__WORK TASK__
In the entries that follow, the first line to write out is the one containing "(* Assume $Q$", and the last is the one containing "vertex e is (e, [::]). *)". Reproduce that stretch exactly, with nothing before or after it.
======== MATERIAL PROVIDED
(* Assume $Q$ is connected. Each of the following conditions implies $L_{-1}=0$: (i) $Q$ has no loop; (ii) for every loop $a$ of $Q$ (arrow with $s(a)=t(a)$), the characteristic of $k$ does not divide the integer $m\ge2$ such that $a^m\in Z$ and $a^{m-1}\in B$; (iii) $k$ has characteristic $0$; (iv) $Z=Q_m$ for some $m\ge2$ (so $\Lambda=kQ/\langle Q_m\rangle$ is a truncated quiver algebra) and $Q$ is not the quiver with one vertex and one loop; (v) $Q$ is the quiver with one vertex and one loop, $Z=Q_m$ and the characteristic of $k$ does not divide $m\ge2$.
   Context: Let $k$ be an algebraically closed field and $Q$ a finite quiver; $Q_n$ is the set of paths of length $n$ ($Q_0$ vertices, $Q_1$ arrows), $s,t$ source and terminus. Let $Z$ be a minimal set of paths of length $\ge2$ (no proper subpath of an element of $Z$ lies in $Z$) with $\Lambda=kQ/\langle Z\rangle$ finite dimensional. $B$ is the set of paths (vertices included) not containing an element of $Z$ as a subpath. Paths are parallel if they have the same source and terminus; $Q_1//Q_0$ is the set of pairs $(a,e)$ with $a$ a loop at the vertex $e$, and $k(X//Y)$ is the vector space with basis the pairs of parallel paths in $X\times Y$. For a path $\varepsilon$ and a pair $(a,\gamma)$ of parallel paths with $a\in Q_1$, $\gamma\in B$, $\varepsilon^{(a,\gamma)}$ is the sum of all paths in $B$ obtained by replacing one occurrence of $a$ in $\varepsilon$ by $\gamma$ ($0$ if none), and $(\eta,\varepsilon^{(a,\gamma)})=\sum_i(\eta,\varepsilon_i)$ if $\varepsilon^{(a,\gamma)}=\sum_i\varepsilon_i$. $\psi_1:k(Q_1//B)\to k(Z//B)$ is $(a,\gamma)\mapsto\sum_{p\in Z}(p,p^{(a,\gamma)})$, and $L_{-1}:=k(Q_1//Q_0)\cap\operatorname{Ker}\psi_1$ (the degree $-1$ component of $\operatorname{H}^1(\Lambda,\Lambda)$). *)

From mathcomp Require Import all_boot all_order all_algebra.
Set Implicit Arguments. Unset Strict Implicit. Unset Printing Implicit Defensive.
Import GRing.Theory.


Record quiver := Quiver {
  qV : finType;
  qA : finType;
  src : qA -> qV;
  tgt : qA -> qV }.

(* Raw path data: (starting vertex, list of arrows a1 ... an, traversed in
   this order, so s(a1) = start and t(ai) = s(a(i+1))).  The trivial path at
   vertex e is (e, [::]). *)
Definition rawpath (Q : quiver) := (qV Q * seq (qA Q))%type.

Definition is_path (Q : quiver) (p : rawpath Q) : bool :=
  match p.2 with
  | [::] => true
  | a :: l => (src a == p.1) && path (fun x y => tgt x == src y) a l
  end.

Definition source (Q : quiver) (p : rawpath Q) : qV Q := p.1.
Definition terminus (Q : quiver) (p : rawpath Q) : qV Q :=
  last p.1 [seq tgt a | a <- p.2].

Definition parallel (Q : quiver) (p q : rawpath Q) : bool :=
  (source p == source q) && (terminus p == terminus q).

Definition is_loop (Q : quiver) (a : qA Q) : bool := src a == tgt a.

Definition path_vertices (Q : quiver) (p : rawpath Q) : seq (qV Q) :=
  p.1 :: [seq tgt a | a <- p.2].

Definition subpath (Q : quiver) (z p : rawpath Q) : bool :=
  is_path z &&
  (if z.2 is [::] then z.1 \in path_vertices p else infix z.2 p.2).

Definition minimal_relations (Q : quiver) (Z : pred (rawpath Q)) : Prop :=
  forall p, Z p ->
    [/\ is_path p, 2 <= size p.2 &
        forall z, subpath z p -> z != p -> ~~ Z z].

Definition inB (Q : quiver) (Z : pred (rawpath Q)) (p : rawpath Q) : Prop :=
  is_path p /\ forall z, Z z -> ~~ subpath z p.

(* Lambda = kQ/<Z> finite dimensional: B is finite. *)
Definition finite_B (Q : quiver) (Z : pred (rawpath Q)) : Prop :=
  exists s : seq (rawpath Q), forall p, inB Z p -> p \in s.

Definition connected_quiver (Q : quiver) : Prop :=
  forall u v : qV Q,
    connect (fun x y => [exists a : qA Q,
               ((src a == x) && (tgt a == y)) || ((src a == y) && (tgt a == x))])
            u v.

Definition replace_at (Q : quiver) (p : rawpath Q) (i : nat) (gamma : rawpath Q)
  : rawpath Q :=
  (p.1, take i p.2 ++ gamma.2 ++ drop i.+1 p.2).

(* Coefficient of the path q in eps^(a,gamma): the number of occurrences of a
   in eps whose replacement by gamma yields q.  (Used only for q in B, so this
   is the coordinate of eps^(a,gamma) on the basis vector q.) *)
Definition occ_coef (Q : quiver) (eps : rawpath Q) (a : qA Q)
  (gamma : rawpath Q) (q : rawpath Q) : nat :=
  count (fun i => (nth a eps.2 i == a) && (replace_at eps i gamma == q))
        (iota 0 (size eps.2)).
================
======== MATERIAL PROVIDED
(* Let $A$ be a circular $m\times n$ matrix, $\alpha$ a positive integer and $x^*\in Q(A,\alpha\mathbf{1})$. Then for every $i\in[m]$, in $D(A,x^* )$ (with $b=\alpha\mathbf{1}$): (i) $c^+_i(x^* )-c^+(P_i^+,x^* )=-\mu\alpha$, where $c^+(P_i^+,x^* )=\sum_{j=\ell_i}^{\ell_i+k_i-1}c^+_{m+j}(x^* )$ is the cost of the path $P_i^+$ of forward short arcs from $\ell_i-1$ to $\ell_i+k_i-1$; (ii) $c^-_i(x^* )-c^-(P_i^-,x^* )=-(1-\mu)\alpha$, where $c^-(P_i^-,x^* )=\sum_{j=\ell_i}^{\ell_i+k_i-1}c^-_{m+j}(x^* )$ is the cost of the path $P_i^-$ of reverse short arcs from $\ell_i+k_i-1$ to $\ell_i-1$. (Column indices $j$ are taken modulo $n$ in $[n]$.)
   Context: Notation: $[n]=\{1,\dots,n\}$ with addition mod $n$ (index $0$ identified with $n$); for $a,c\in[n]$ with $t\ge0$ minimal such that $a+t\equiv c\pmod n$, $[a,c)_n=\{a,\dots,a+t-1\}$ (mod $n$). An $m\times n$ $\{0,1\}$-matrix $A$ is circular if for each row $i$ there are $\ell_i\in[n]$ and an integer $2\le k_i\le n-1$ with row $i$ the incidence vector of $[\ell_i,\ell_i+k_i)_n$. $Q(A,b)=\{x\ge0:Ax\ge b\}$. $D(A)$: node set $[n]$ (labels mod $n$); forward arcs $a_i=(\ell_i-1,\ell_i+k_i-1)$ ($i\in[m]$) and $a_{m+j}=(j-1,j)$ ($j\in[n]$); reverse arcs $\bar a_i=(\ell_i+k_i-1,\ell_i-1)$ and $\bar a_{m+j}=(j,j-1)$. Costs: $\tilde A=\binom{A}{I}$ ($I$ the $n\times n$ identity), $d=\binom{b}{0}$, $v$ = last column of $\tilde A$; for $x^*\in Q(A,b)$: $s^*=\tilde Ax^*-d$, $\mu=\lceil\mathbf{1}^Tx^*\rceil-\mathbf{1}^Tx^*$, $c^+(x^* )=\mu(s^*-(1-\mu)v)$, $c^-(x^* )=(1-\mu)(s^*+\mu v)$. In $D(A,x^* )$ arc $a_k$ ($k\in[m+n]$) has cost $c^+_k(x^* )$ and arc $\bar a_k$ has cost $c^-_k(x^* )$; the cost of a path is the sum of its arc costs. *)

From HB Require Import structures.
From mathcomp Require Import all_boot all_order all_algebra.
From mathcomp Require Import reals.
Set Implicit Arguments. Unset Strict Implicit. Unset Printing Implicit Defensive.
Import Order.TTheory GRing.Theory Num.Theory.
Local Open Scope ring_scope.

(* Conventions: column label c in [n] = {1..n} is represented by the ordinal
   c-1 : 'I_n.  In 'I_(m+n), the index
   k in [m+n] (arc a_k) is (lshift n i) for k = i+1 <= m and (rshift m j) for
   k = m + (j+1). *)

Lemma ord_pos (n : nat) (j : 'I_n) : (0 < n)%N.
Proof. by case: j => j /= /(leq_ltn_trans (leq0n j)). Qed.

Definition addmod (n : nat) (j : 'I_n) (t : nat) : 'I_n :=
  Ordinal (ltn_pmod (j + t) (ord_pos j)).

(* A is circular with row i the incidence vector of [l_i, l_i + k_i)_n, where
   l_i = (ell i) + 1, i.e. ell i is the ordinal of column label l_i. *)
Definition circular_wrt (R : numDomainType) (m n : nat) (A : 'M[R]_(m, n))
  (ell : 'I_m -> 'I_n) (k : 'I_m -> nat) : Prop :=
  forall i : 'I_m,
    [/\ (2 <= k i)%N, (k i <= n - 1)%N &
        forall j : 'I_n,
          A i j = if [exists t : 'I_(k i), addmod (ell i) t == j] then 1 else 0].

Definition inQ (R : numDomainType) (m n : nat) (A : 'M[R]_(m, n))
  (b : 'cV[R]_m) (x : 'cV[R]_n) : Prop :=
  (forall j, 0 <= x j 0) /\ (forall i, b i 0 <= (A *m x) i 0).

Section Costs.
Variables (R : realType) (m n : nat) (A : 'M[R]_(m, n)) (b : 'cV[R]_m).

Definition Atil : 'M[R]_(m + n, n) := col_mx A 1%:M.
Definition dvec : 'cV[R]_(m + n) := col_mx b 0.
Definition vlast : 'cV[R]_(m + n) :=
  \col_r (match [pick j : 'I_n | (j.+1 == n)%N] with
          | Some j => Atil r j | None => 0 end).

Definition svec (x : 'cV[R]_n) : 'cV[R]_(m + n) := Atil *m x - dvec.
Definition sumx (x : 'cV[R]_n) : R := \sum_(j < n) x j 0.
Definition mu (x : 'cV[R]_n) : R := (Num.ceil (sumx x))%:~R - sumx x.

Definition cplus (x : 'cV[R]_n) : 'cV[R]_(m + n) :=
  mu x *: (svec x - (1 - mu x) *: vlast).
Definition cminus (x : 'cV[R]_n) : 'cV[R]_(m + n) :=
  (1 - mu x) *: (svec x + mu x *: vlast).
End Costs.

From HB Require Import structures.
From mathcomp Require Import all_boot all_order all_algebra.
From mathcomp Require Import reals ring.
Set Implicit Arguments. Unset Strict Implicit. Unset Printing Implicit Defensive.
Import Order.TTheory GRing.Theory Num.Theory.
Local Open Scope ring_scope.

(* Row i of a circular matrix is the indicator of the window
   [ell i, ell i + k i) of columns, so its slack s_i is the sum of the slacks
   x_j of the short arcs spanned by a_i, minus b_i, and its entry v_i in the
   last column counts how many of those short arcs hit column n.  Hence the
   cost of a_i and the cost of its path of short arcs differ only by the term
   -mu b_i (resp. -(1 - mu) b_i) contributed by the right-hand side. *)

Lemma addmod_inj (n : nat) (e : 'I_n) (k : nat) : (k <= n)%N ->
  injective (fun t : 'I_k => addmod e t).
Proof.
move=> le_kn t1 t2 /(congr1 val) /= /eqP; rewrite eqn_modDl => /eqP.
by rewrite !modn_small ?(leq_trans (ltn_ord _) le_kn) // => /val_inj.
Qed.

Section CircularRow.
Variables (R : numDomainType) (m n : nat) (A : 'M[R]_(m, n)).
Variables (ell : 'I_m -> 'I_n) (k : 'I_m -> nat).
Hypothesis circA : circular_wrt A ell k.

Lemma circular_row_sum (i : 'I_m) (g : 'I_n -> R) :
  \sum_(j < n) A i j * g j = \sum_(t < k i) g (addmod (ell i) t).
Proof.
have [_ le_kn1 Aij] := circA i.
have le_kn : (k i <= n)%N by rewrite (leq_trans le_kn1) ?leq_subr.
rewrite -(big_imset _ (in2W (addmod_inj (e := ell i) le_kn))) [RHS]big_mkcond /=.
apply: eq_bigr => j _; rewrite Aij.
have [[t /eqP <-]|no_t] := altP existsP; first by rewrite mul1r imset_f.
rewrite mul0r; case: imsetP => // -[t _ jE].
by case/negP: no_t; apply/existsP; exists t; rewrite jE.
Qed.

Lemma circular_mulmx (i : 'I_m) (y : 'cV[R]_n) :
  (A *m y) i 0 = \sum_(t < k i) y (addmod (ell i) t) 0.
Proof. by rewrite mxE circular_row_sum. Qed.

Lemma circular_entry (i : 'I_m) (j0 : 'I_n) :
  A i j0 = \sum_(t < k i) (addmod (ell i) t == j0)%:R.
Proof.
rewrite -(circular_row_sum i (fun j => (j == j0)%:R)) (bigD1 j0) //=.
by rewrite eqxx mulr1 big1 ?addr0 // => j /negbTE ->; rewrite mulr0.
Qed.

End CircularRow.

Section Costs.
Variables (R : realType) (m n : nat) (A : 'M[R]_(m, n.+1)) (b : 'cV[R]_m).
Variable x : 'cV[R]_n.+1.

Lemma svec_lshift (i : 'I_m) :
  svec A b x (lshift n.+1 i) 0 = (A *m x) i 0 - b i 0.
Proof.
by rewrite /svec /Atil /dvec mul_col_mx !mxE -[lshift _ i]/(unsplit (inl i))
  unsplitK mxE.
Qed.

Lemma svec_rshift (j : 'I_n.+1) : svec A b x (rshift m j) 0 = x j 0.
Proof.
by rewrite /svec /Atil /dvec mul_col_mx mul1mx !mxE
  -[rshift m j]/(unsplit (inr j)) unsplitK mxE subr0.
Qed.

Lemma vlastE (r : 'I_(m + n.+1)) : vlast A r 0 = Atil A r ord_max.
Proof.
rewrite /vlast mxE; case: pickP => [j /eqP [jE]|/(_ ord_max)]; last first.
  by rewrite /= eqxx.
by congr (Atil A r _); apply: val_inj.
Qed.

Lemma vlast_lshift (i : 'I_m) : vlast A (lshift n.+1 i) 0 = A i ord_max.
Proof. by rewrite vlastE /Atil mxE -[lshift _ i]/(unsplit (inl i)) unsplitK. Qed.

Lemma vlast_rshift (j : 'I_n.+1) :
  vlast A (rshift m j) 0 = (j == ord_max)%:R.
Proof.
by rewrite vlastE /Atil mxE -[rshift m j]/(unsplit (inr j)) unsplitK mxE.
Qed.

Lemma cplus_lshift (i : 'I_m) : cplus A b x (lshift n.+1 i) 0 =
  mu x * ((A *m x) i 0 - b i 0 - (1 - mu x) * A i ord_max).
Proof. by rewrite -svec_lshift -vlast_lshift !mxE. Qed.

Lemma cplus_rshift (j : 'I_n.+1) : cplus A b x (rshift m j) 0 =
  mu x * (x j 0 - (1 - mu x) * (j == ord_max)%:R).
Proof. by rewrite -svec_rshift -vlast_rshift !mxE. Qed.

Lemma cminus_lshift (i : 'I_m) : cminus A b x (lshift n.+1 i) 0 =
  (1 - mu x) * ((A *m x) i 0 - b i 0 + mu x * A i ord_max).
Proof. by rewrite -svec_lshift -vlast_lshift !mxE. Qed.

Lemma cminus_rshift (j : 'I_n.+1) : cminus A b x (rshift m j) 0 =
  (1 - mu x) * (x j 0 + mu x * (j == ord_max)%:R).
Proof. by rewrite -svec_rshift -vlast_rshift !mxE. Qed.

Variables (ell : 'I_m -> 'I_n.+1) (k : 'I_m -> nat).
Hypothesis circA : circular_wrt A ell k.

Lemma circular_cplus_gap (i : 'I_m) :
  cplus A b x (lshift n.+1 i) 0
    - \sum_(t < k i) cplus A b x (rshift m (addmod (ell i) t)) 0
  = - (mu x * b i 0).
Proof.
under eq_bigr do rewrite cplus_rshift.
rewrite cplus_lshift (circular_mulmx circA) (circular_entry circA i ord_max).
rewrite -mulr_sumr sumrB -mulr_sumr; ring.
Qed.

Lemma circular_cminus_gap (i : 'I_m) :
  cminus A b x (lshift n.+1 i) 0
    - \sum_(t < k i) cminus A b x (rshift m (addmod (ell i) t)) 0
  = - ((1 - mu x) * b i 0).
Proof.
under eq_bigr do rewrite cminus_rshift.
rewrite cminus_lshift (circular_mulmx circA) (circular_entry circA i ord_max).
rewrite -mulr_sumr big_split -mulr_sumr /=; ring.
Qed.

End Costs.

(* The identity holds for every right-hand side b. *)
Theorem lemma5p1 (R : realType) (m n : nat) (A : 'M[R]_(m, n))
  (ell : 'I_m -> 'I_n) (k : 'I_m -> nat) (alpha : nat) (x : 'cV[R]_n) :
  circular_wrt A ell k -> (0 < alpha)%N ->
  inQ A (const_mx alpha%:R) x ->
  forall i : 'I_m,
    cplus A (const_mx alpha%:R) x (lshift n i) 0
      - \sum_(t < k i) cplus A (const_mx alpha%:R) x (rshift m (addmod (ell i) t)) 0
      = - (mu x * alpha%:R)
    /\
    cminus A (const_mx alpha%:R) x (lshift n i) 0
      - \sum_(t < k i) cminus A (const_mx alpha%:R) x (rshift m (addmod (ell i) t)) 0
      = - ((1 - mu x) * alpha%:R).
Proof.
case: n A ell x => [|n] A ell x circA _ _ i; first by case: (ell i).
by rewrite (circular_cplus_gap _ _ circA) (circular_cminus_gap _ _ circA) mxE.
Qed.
================
======== MATERIAL PROVIDED
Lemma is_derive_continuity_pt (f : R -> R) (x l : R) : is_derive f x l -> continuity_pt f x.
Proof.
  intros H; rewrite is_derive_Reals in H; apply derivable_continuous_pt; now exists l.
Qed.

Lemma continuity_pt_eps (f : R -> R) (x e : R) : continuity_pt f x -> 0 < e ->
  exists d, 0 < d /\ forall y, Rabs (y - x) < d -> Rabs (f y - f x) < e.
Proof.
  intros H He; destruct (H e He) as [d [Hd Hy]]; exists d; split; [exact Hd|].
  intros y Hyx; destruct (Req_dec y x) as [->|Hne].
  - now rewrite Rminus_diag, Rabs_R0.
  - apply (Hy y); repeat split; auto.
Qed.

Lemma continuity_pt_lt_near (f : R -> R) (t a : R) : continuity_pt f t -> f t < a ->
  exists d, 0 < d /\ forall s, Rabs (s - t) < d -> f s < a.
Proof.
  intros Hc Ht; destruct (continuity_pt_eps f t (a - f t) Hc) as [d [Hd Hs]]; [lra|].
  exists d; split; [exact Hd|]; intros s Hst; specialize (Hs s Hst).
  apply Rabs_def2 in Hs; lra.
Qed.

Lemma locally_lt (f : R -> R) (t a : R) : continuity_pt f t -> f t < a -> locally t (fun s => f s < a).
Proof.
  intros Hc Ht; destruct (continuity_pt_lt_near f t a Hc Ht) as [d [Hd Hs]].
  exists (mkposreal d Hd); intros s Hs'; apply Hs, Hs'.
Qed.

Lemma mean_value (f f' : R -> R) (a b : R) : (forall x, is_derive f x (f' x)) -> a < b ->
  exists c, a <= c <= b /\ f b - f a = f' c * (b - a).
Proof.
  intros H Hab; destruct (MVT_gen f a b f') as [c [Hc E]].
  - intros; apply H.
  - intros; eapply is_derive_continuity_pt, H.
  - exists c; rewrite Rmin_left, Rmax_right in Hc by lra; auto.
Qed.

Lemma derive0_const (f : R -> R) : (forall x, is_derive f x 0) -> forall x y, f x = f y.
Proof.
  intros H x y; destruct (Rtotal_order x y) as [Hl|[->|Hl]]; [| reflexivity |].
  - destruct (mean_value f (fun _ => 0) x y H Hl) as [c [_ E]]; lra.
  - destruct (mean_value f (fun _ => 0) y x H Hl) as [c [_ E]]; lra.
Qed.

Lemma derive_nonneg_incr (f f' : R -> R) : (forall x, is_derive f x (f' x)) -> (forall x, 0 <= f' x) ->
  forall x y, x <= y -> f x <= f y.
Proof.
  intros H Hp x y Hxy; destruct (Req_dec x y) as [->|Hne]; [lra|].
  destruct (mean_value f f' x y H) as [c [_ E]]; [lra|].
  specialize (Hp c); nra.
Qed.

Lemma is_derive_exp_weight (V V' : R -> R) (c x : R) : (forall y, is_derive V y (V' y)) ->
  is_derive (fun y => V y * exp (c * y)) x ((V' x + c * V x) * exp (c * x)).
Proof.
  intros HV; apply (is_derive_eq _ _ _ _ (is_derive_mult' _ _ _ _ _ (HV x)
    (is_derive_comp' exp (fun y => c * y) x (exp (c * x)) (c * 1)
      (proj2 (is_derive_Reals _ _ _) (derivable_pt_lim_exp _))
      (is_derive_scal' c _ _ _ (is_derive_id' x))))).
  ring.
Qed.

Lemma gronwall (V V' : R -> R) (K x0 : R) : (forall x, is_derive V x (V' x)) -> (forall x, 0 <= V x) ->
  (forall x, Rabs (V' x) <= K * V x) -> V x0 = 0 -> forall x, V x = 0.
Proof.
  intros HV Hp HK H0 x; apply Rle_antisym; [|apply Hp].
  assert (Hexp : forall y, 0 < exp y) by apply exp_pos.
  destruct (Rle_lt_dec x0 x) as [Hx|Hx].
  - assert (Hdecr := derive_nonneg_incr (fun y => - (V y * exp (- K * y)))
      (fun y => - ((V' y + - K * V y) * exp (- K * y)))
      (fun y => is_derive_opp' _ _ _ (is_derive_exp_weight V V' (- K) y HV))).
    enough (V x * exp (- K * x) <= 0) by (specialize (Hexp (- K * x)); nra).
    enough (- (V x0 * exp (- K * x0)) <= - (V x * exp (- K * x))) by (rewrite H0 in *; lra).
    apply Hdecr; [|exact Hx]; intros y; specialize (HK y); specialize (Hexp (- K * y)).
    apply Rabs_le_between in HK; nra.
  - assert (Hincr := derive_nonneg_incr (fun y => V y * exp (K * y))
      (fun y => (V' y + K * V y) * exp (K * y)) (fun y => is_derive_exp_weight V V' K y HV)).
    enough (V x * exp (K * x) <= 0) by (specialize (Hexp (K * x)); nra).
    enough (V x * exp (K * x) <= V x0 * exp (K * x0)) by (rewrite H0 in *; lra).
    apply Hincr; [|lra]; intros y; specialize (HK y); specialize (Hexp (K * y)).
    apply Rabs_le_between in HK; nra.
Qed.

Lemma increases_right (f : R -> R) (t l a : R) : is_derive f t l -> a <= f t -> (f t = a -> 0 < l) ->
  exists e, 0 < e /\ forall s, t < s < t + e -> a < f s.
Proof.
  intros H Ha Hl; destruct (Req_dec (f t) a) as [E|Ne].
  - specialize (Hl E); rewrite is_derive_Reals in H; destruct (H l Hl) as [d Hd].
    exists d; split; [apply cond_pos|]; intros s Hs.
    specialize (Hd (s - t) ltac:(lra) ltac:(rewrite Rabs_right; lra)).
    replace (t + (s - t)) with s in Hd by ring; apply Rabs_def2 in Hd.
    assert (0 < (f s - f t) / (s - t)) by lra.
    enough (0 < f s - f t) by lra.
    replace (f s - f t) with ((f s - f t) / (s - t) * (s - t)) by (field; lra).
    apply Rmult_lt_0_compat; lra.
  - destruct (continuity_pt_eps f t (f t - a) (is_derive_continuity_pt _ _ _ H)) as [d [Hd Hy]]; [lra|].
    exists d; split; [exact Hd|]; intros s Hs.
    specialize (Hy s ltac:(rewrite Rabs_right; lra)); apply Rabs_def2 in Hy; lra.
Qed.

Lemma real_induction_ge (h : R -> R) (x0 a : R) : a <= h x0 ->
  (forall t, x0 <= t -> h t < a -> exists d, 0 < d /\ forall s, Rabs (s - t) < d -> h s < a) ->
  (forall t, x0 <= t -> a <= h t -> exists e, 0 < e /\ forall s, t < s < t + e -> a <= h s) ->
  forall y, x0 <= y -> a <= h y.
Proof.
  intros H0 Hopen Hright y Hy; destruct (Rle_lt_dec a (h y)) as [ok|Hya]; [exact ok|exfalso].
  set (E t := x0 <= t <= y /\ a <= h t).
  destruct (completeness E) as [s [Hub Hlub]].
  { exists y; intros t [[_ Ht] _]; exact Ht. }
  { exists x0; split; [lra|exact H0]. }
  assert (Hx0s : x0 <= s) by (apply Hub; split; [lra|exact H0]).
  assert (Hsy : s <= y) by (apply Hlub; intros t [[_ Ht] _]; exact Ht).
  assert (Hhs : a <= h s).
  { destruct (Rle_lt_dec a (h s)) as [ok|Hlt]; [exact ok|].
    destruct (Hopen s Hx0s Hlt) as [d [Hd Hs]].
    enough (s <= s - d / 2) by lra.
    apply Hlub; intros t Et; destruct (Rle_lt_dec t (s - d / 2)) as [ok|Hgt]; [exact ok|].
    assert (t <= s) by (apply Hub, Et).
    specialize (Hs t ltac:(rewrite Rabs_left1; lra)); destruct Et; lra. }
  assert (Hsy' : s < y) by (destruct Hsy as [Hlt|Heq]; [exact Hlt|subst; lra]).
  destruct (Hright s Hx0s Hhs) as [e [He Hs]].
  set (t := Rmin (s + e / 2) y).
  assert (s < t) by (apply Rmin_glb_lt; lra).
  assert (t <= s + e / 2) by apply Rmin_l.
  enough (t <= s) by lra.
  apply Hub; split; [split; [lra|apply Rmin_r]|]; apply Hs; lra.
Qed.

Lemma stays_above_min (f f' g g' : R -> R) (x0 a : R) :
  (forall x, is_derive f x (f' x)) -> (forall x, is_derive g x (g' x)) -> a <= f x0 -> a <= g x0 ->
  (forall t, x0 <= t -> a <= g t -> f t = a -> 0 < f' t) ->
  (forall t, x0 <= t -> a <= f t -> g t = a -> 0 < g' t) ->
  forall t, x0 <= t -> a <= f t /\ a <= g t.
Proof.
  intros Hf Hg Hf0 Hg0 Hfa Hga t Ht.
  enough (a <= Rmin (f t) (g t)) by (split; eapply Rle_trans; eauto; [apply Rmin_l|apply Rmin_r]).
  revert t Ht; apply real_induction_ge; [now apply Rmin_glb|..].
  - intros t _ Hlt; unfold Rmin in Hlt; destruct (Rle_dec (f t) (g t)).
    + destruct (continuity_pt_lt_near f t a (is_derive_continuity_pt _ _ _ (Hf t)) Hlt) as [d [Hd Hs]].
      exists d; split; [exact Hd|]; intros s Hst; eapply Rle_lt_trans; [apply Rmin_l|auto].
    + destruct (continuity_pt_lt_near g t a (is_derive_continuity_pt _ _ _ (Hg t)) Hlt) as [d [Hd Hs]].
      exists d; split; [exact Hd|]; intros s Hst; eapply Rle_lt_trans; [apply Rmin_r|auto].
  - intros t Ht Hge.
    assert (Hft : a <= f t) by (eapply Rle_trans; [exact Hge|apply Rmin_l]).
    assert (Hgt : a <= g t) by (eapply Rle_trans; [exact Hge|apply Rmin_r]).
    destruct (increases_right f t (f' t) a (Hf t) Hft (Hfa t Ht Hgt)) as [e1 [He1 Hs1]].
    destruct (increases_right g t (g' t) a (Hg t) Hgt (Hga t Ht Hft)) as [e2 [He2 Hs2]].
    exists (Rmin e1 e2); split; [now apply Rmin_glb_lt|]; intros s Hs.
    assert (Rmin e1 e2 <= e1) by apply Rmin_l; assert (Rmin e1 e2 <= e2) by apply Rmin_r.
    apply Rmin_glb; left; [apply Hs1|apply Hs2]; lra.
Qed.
================
__SOLUTION TO THIS PROBLEM__
(* Assume $Q$ is connected. Each of the following conditions implies $L_{-1}=0$: (i) $Q$ has no loop; (ii) for every loop $a$ of $Q$ (arrow with $s(a)=t(a)$), the characteristic of $k$ does not divide the integer $m\ge2$ such that $a^m\in Z$ and $a^{m-1}\in B$; (iii) $k$ has characteristic $0$; (iv) $Z=Q_m$ for some $m\ge2$ (so $\Lambda=kQ/\langle Q_m\rangle$ is a truncated quiver algebra) and $Q$ is not the quiver with one vertex and one loop; (v) $Q$ is the quiver with one vertex and one loop, $Z=Q_m$ and the characteristic of $k$ does not divide $m\ge2$.
   Context: Let $k$ be an algebraically closed field and $Q$ a finite quiver; $Q_n$ is the set of paths of length $n$ ($Q_0$ vertices, $Q_1$ arrows), $s,t$ source and terminus. Let $Z$ be a minimal set of paths of length $\ge2$ (no proper subpath of an element of $Z$ lies in $Z$) with $\Lambda=kQ/\langle Z\rangle$ finite dimensional. $B$ is the set of paths (vertices included) not containing an element of $Z$ as a subpath. Paths are parallel if they have the same source and terminus; $Q_1//Q_0$ is the set of pairs $(a,e)$ with $a$ a loop at the vertex $e$, and $k(X//Y)$ is the vector space with basis the pairs of parallel paths in $X\times Y$. For a path $\varepsilon$ and a pair $(a,\gamma)$ of parallel paths with $a\in Q_1$, $\gamma\in B$, $\varepsilon^{(a,\gamma)}$ is the sum of all paths in $B$ obtained by replacing one occurrence of $a$ in $\varepsilon$ by $\gamma$ ($0$ if none), and $(\eta,\varepsilon^{(a,\gamma)})=\sum_i(\eta,\varepsilon_i)$ if $\varepsilon^{(a,\gamma)}=\sum_i\varepsilon_i$. $\psi_1:k(Q_1//B)\to k(Z//B)$ is $(a,\gamma)\mapsto\sum_{p\in Z}(p,p^{(a,\gamma)})$, and $L_{-1}:=k(Q_1//Q_0)\cap\operatorname{Ker}\psi_1$ (the degree $-1$ component of $\operatorname{H}^1(\Lambda,\Lambda)$). *)

From mathcomp Require Import all_boot all_order all_algebra.
Set Implicit Arguments. Unset Strict Implicit. Unset Printing Implicit Defensive.
Import GRing.Theory.


Record quiver := Quiver {
  qV : finType;
  qA : finType;
  src : qA -> qV;
  tgt : qA -> qV }.

(* Raw path data: (starting vertex, list of arrows a1 ... an, traversed in
   this order, so s(a1) = start and t(ai) = s(a(i+1))).  The trivial path at
   vertex e is (e, [::]). *)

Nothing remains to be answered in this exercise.